(* Let $G=(g_1,\dots,g_k)\in\mathbb{N}_0^k$ be telescopic with $g_1>0$ and $c(G)=(c_2,\dots,c_k)$, and let $h_j=c_jg_j$ for $2\le j\le k$. Then $G$ is minimal if and only if $g_i\ne h_j$ for all $i\in\{1,\dots,k\}$ and all $j\in\{2,\dots,k\}$.
   Context: For $G=(g_1,\dots,g_k)\in\mathbb{N}_0^k$, $\langle G\rangle$ is the set of $\mathbb{N}_0$-linear combinations of its entries; $G$ is minimal if $\langle G''\rangle\ne\langle G\rangle$ for every proper subsequence $G''$. Let $G_i=(g_1,\dots,g_i)$, $d_i=\gcd(G_i)$, $c_j=d_{j-1}/d_j$ for $2\le j\le k$ (well defined since $g_1>0$). $G$ is telescopic if $c_jg_j\in\langle G_{j-1}\rangle$ for all $2\le j\le k$. *)

(* Sequences G = (g_1,...,g_k) are `seq nat`; paper indices
   are 1-based, so g_i = nth 0 G i.-1. *)
From mathcomp Require Import all_boot.
Set Implicit Arguments. Unset Strict Implicit. Unset Printing Implicit Defensive.

Definition gent (G : seq nat) (i : nat) : nat := nth 0 G i.-1.

Definition inGen (G : seq nat) (n : nat) : Prop :=
  exists a : seq nat, size a = size G /\
    n = \sum_(i < size G) nth 0 a i * nth 0 G i.

Definition minimal (G : seq nat) : Prop :=
  forall G2 : seq nat, subseq G2 G -> G2 != G ->
    ~ (forall n, inGen G2 n <-> inGen G n).

Definition prefix_seq (G : seq nat) (i : nat) : seq nat := take i G.

Definition dgcd (G : seq nat) (i : nat) : nat := foldr gcdn 0 (take i G).

Definition cval (G : seq nat) (j : nat) : nat := dgcd G j.-1 %/ dgcd G j.

Definition telescopic (G : seq nat) : Prop :=
  forall j, 2 <= j <= size G -> inGen (prefix_seq G j.-1) (cval G j * gent G j).

From mathcomp Require Import all_boot.
Set Implicit Arguments. Unset Strict Implicit. Unset Printing Implicit Defensive.

(* A sequence is minimal iff it has no repeated entry and no entry lies in the
   semigroup generated by the others.  If g_i = c_j g_j, then either c_j = 1,
   so g_j lies in <G_(j-1)> by telescopy, or c_j > 1 and g_i is a proper
   multiple of g_j: in both cases some entry is redundant.  Conversely, let
   g_p = b g_m + y be a combination of the other entries, with g_m the last
   one used.  As d_(m-1) divides g_p and y, it divides b g_m, so c_m divides b
   and b g_m is a multiple of h_m, which lies in <G_(m-1)>.  Since h_m <= g_p
   and h_m <> g_p, the entry g_m can be traded for entries of G_(m-1) other
   than g_p.  Descending to m = p gives g_p in <G_(p-1)>, hence d_p = d_(p-1),
   c_p = 1 and g_p = h_p (or g_1 = 0 when p = 1). *)

Inductive sgen (s : seq nat) : nat -> Prop :=
| sgen0 : sgen s 0
| sgen_addl a x : a \in s -> sgen s x -> sgen s (a + x).

Section Semigroup.
Implicit Types (s t : seq nat) (a b d x y : nat).

Lemma sgen_mem s a : a \in s -> sgen s a.
Proof. by move=> sa; rewrite -[a]addn0; apply: sgen_addl => //; apply: sgen0. Qed.

Lemma sgenD s x y : sgen s x -> sgen s y -> sgen s (x + y).
Proof.
elim=> [|a x' sa _ IHx] sy; first by rewrite add0n.
by rewrite -addnA; apply: sgen_addl => //; apply: IHx.
Qed.

Lemma sgenMl s b x : sgen s x -> sgen s (b * x).
Proof.
move=> sx; elim: b => [|b IHb]; first by rewrite mul0n; apply: sgen0.
by rewrite mulSn; apply: sgenD.
Qed.

Lemma sgen_trans s t x : {in s, forall a, sgen t a} -> sgen s x -> sgen t x.
Proof.
move=> st; elim=> [|a x' sa _ IHx]; first exact: sgen0.
by apply: sgenD => //; apply: st.
Qed.

Lemma sgen_sub s t x : {subset s <= t} -> sgen s x -> sgen t x.
Proof. by move=> st; apply: sgen_trans => a /st; apply: sgen_mem. Qed.

Lemma sgen_nil x : sgen [::] x -> x = 0.
Proof. by case=> // a y; rewrite in_nil. Qed.

Lemma sgen_cons g s x : sgen (g :: s) x <-> exists b y, x = b * g + y /\ sgen s y.
Proof.
split=> [|[b [y [-> sy]]]].
- elim=> [|a x' sa _ [b [y [-> sy]]]]; first by exists 0, 0; split=> //; apply: sgen0.
  rewrite in_cons in sa; case/orP: sa => [/eqP -> | sa].
  + by exists b.+1, y; rewrite mulSn addnA.
  + by exists b, (a + y); rewrite addnCA; split=> //; apply: sgen_addl.
- apply: sgenD; first by apply: sgenMl; apply: sgen_mem; rewrite mem_head.
  by apply: sgen_sub sy => z sz; rewrite in_cons sz orbT.
Qed.

Lemma inGen_cons g s x :
  inGen (g :: s) x <-> exists b y, x = b * g + y /\ inGen s y.
Proof.
split=> [[[|a0 a] [//= [size_a ->]]] | [b [y [-> [a [size_a ->]]]]]].
- exists a0, (\sum_(i < size s) nth 0 a i * nth 0 s i).
  by rewrite big_ord_recl; split=> //; exists a.
- by exists (b :: a); rewrite /= size_a big_ord_recl.
Qed.

Lemma inGenP s x : inGen s x <-> sgen s x.
Proof.
elim: s x => [|g s IHs] x.
- split=> [[a [_ ->]] | /sgen_nil ->]; first by rewrite big_ord0; apply: sgen0.
  by exists [::]; rewrite big_ord0.
- split=> [/inGen_cons | /sgen_cons] [b [y [-> /IHs sy]]].
  + by apply/sgen_cons; exists b, y.
  + by apply/inGen_cons; exists b, y.
Qed.

Lemma sgen_dvd d s x : {in s, forall a, d %| a} -> sgen s x -> d %| x.
Proof.
move=> ds; elim=> [|a x' sa _ IHx]; first exact: dvdn0.
by rewrite dvdn_add // ds.
Qed.

Lemma sgen_filter_lt s a x : sgen s x -> x < a -> sgen [seq y <- s | y != a] x.
Proof.
elim=> [|z x' sz _ IHx] lt_x_a; first exact: sgen0.
apply: sgen_addl; last by apply: IHx; apply: leq_ltn_trans (leq_addl _ _) lt_x_a.
rewrite mem_filter sz andbT; apply: contraTneq lt_x_a => ->.
by rewrite -leqNgt leq_addr.
Qed.

End Semigroup.

Definition irredundant (s : seq nat) : Prop :=
  {in s, forall a, ~ sgen [seq y <- s | y != a] a}.

Lemma irredundant_gt0 s a : irredundant s -> a \in s -> 0 < a.
Proof.
move=> s_irr sa; rewrite lt0n; apply/eqP => a0.
by apply: (s_irr a sa); rewrite a0; apply: sgen0.
Qed.

Lemma take_subset_filter_nth s p : uniq s -> p < size s ->
  {subset take p s <= [seq y <- s | y != nth 0 s p]}.
Proof.
move=> s_uniq lt_p_s y y_take; rewrite mem_filter (mem_take y_take) andbT.
apply: contraTneq (index_ltn y_take) => ->.
by rewrite index_uniq // ltnn.
Qed.

Lemma minimalP s : minimal s <-> uniq s /\ irredundant s.
Proof.
split=> [s_min | [s_uniq s_irr] t t_sub t_neq t_eq].
- have {}s_min t : subseq t s -> t != s -> ~ {in s, forall a, sgen t a}.
    move=> t_sub t_neq s_t; apply: (s_min t t_sub t_neq) => n.
    by split=> /inGenP sn; apply/inGenP;
      [apply: sgen_sub (mem_subseq t_sub) sn | apply: sgen_trans sn].
  split.
  + apply/negPn/negP => s_nuniq; apply: (s_min (undup s)); first exact: undup_subseq.
      by apply: contra s_nuniq => /eqP <-; apply: undup_uniq.
    by move=> a; rewrite -mem_undup; apply: sgen_mem.
  + move=> a sa a_red; apply: (s_min [seq y <- s | y != a]); first exact: filter_subseq.
      by apply/eqP => s_eq; move: sa; rewrite -s_eq mem_filter eqxx.
    move=> y sy; have [-> // | y_neq_a] := eqVneq y a.
    by apply: sgen_mem; rewrite mem_filter y_neq_a.
- have lt_t_s : size t < size s.
    have [le_t_s eq_size] := size_subseq_leqif t_sub.
    by rewrite ltn_neqAle le_t_s eq_size andbT.
  have /allPn [a sa t'a] : ~~ all (mem t) s.
    apply: contraL lt_t_s => /allP s_t.
    by rewrite -leqNgt; apply: uniq_leq_size s_t.
  apply: (s_irr a sa); apply: (sgen_sub (s := t)).
    move=> y ty; rewrite mem_filter (mem_subseq t_sub ty) andbT.
    by apply: contraNneq t'a => <-.
  by apply/inGenP/t_eq/inGenP/sgen_mem.
Qed.

Lemma dvdn_div_gcdl d g b : 0 < gcdn d g -> d %| b * g -> d %/ gcdn d g %| b.
Proof.
move=> e_gt0 d_bg; rewrite -(dvdn_pmul2r e_gt0) divnK ?dvdn_gcdl //.
by rewrite muln_gcdr dvdn_gcd dvdn_mull // gcdnC.
Qed.

Lemma foldr_gcdn_dvd s a : a \in s -> foldr gcdn 0 s %| a.
Proof.
elim: s => //= b s IHs; rewrite in_cons => /orP [/eqP -> | sa].
- exact: dvdn_gcdl.
- exact: dvdn_trans (dvdn_gcdr _ _) (IHs sa).
Qed.

Lemma dvdn_foldr_gcdn d s : {in s, forall a, d %| a} -> d %| foldr gcdn 0 s.
Proof.
elim: s => [|b s IHs] ds /=; first exact: dvdn0.
rewrite dvdn_gcd ds ?mem_head //=; apply: IHs => a sa.
by apply: ds; rewrite in_cons sa orbT.
Qed.

Section PrefixGcd.
Variable G : seq nat.

Lemma dgcd_dvd q a : a \in take q G -> dgcd G q %| a.
Proof. exact: foldr_gcdn_dvd. Qed.

Lemma dgcd_mono p q : p <= q -> dgcd G q %| dgcd G p.
Proof.
move=> le_pq; apply: dvdn_foldr_gcdn => a; rewrite -(take_takel G le_pq).
by move/mem_take; apply: dgcd_dvd.
Qed.

Lemma dgcdS p : p < size G -> dgcd G p.+1 = gcdn (dgcd G p) (nth 0 G p).
Proof.
move=> lt_p_G; rewrite /dgcd (take_nth 0 lt_p_G).
by elim: (take p G) => [|b s /= ->]; rewrite /= ?gcdn0 ?gcd0n ?gcdnA.
Qed.

Lemma dgcd_gt0 p : 0 < nth 0 G 0 -> 0 < p -> 0 < dgcd G p.
Proof. by case: G p => [|g s] [|p] //= g_gt0 _; rewrite gcdn_gt0 g_gt0. Qed.

Lemma sgen_dgcd q x : sgen (take q G) x -> dgcd G q %| x.
Proof. by apply: sgen_dvd => a; apply: dgcd_dvd. Qed.

Lemma cval_dvd p b : p < size G -> 0 < dgcd G p.+1 ->
  dgcd G p %| b * nth 0 G p -> cval G p.+1 %| b.
Proof. by move=> lt_p_G; rewrite /cval /= dgcdS //; apply: dvdn_div_gcdl. Qed.

End PrefixGcd.

Definition gen_neq_h (G : seq nat) : Prop :=
  forall i j, 1 <= i <= size G -> 2 <= j <= size G ->
    gent G i <> cval G j * gent G j.

Section Telescopic.
Variable G : seq nat.
Hypothesis G_tele : telescopic G.

Lemma sgen_telescopic j : 2 <= j <= size G ->
  sgen (take j.-1 G) (cval G j * nth 0 G j.-1).
Proof. by move=> j_range; apply/inGenP/G_tele. Qed.

Lemma uniq_irredundant_gen_neq_h : uniq G -> irredundant G -> gen_neq_h G.
Proof.
move=> G_uniq G_irr i j /andP [i_gt0 le_i_G] /andP [j_gt1 le_j_G]; rewrite /gent.
have gi_in : nth 0 G i.-1 \in G by rewrite mem_nth ?prednK.
have lt_j_G : j.-1 < size G by rewrite prednK // ltnW.
have gj_in : nth 0 G j.-1 \in G by rewrite mem_nth.
move=> gi_eq; have := irredundant_gt0 G_irr gi_in.
rewrite gi_eq muln_gt0 => /andP [c_gt0 _].
have [c_eq1 | c_gt1] : cval G j = 1 \/ 1 < cval G j.
  by case: (cval G j) c_gt0 => [|[|c]] //; [left | right].
- apply: (G_irr _ gj_in); apply: sgen_sub (take_subset_filter_nth G_uniq lt_j_G) _.
  by rewrite -[nth _ _ _]mul1n -c_eq1; apply: sgen_telescopic; rewrite j_gt1.
- apply: (G_irr _ gi_in); rewrite gi_eq; apply: sgenMl; apply: sgen_mem.
  by rewrite mem_filter gj_in andbT neq_ltn ltn_Pmull ?(irredundant_gt0 G_irr).
Qed.

Hypotheses (G_head_gt0 : 0 < nth 0 G 0) (G_h : gen_neq_h G).

Lemma nth_notin_sgen_take p : p < size G -> ~ sgen (take p G) (nth 0 G p).
Proof.
case: p => [|p] lt_p_G gp_sgen.
  by rewrite take0 in gp_sgen; move: G_head_gt0; rewrite (sgen_nil gp_sgen).
have c_eq1 : cval G p.+2 = 1.
  by rewrite /cval /= (dgcdS (p := p.+1)) // (gcdn_idPl (sgen_dgcd gp_sgen)) divnn dgcd_gt0.
by apply: (@G_h p.+2 p.+2); rewrite /= ?lt_p_G // c_eq1 mul1n.
Qed.

Lemma gen_neq_h_uniq : uniq G.
Proof.
apply/negPn/negP => /(uniqPn 0) [i [j [lt_ij lt_j_G gi_eq]]].
apply: (nth_notin_sgen_take lt_j_G); apply: sgen_mem.
by rewrite -gi_eq -(nth_take 0 lt_ij) mem_nth // size_take lt_j_G.
Qed.

(* Indices are 0-based here: [nth 0 G m] is g_(m+1), traded for
   h_(m+1) = [cval G m.+1 * nth 0 G m]. *)
Lemma sgen_filter_take_descend p m : p < m < size G ->
  sgen [seq y <- take m.+1 G | y != nth 0 G p] (nth 0 G p) ->
  sgen [seq y <- take m G | y != nth 0 G p] (nth 0 G p).
Proof.
move=> /andP [lt_pm lt_m_G]; set a := nth 0 G p => a_sgen.
have m_gt0 : 0 < m := leq_ltn_trans (leq0n p) lt_pm.
have [b [y [a_eq y_sgen]]] :
    exists b y, a = b * nth 0 G m + y /\ sgen [seq y <- take m G | y != a] y.
  apply/sgen_cons; apply: sgen_sub a_sgen => z.
  rewrite (take_nth 0 lt_m_G) filter_rcons; case: ifP => _; rewrite ?mem_rcons //.
  by move=> z_in; rewrite in_cons z_in orbT.
have dm_a : dgcd G m %| a.
  apply: dvdn_trans (dgcd_mono G lt_pm) (dgcd_dvd _).
  by rewrite (take_nth 0 (ltn_trans lt_pm lt_m_G)) mem_rcons mem_head.
have dm_y : dgcd G m %| y.
  by apply: sgen_dvd y_sgen => z; rewrite mem_filter => /andP [_]; apply: dgcd_dvd.
have /dvdnP [q b_eq] : cval G m.+1 %| b.
  apply: cval_dvd; rewrite ?dgcd_gt0 //.
  by rewrite -(dvdn_addl _ dm_y) -a_eq.
rewrite [X in sgen _ X]a_eq b_eq -mulnA; apply: sgenD y_sgen.
case: q b_eq => [|q] b_eq; first by rewrite mul0n; apply: sgen0.
apply: sgenMl; apply: sgen_filter_lt.
  by apply: (@sgen_telescopic m.+1); apply/andP; split.
rewrite ltn_neqAle; apply/andP; split.
- apply/eqP => h_eq; apply: (@G_h p.+1 m.+1) (esym h_eq).
    by rewrite /= (ltn_trans lt_pm lt_m_G).
  by apply/andP; split.
- by rewrite a_eq b_eq -mulnA mulSn -addnA leq_addr.
Qed.

Lemma gen_neq_h_irredundant : irredundant G.
Proof.
move=> a a_in; rewrite -(nth_index 0 a_in); set p := index a G.
have lt_p_G : p < size G by rewrite index_mem.
suff descend m : p < m <= size G ->
    sgen [seq y <- take m G | y != nth 0 G p] (nth 0 G p) -> sgen (take p G) (nth 0 G p).
  move=> a_red; apply: (nth_notin_sgen_take lt_p_G); apply: (descend (size G)).
    by rewrite lt_p_G leqnn.
  by rewrite take_size.
elim: m => [// | m IHm] /andP [le_pm lt_m_G] a_sgen.
case: (eqVneq p m) => [eq_pm | ne_pm].
- move: a_sgen; rewrite -eq_pm (take_nth 0 lt_p_G) filter_rcons eqxx.
  by apply: sgen_sub => z; rewrite mem_filter => /andP [].
have lt_pm : p < m by rewrite ltn_neqAle ne_pm.
apply: IHm; first by rewrite lt_pm ltnW.
by apply: sgen_filter_take_descend; rewrite ?lt_pm.
Qed.

End Telescopic.

Theorem mainTheorem5 (G : seq nat) :
  0 < size G -> 0 < gent G 1 -> telescopic G ->
  (minimal G <->
   (forall i j, 1 <= i <= size G -> 2 <= j <= size G ->
      gent G i <> cval G j * gent G j)).
Proof.
move=> _ G_head_gt0 G_tele; apply: iff_trans (minimalP G) _; split=> [[G_uniq G_irr] | G_h].
- exact: uniq_irredundant_gen_neq_h.
- by split; [apply: gen_neq_h_uniq | apply: gen_neq_h_irredundant].
Qed.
━━━━
▸ **WHAT THIS TASK INVOLVES**
Your answer should consist solely of the lines above from the line with "Lemma dvdn_foldr_gcdn d" to the line with "Proof. exact: foldr_gcdn_dvd. Qed.", both included, reproduced exactly.

▸ **RESULT OF THIS TASK**
Lemma dvdn_foldr_gcdn d s : {in s, forall a, d %| a} -> d %| foldr gcdn 0 s.
Proof.
elim: s => [|b s IHs] ds /=; first exact: dvdn0.
rewrite dvdn_gcd ds ?mem_head //=; apply: IHs => a sa.
by apply: ds; rewrite in_cons sa orbT.
Qed.

Section PrefixGcd.
Variable G : seq nat.

Lemma dgcd_dvd q a : a \in take q G -> dgcd G q %| a.
Proof. exact: foldr_gcdn_dvd. Qed.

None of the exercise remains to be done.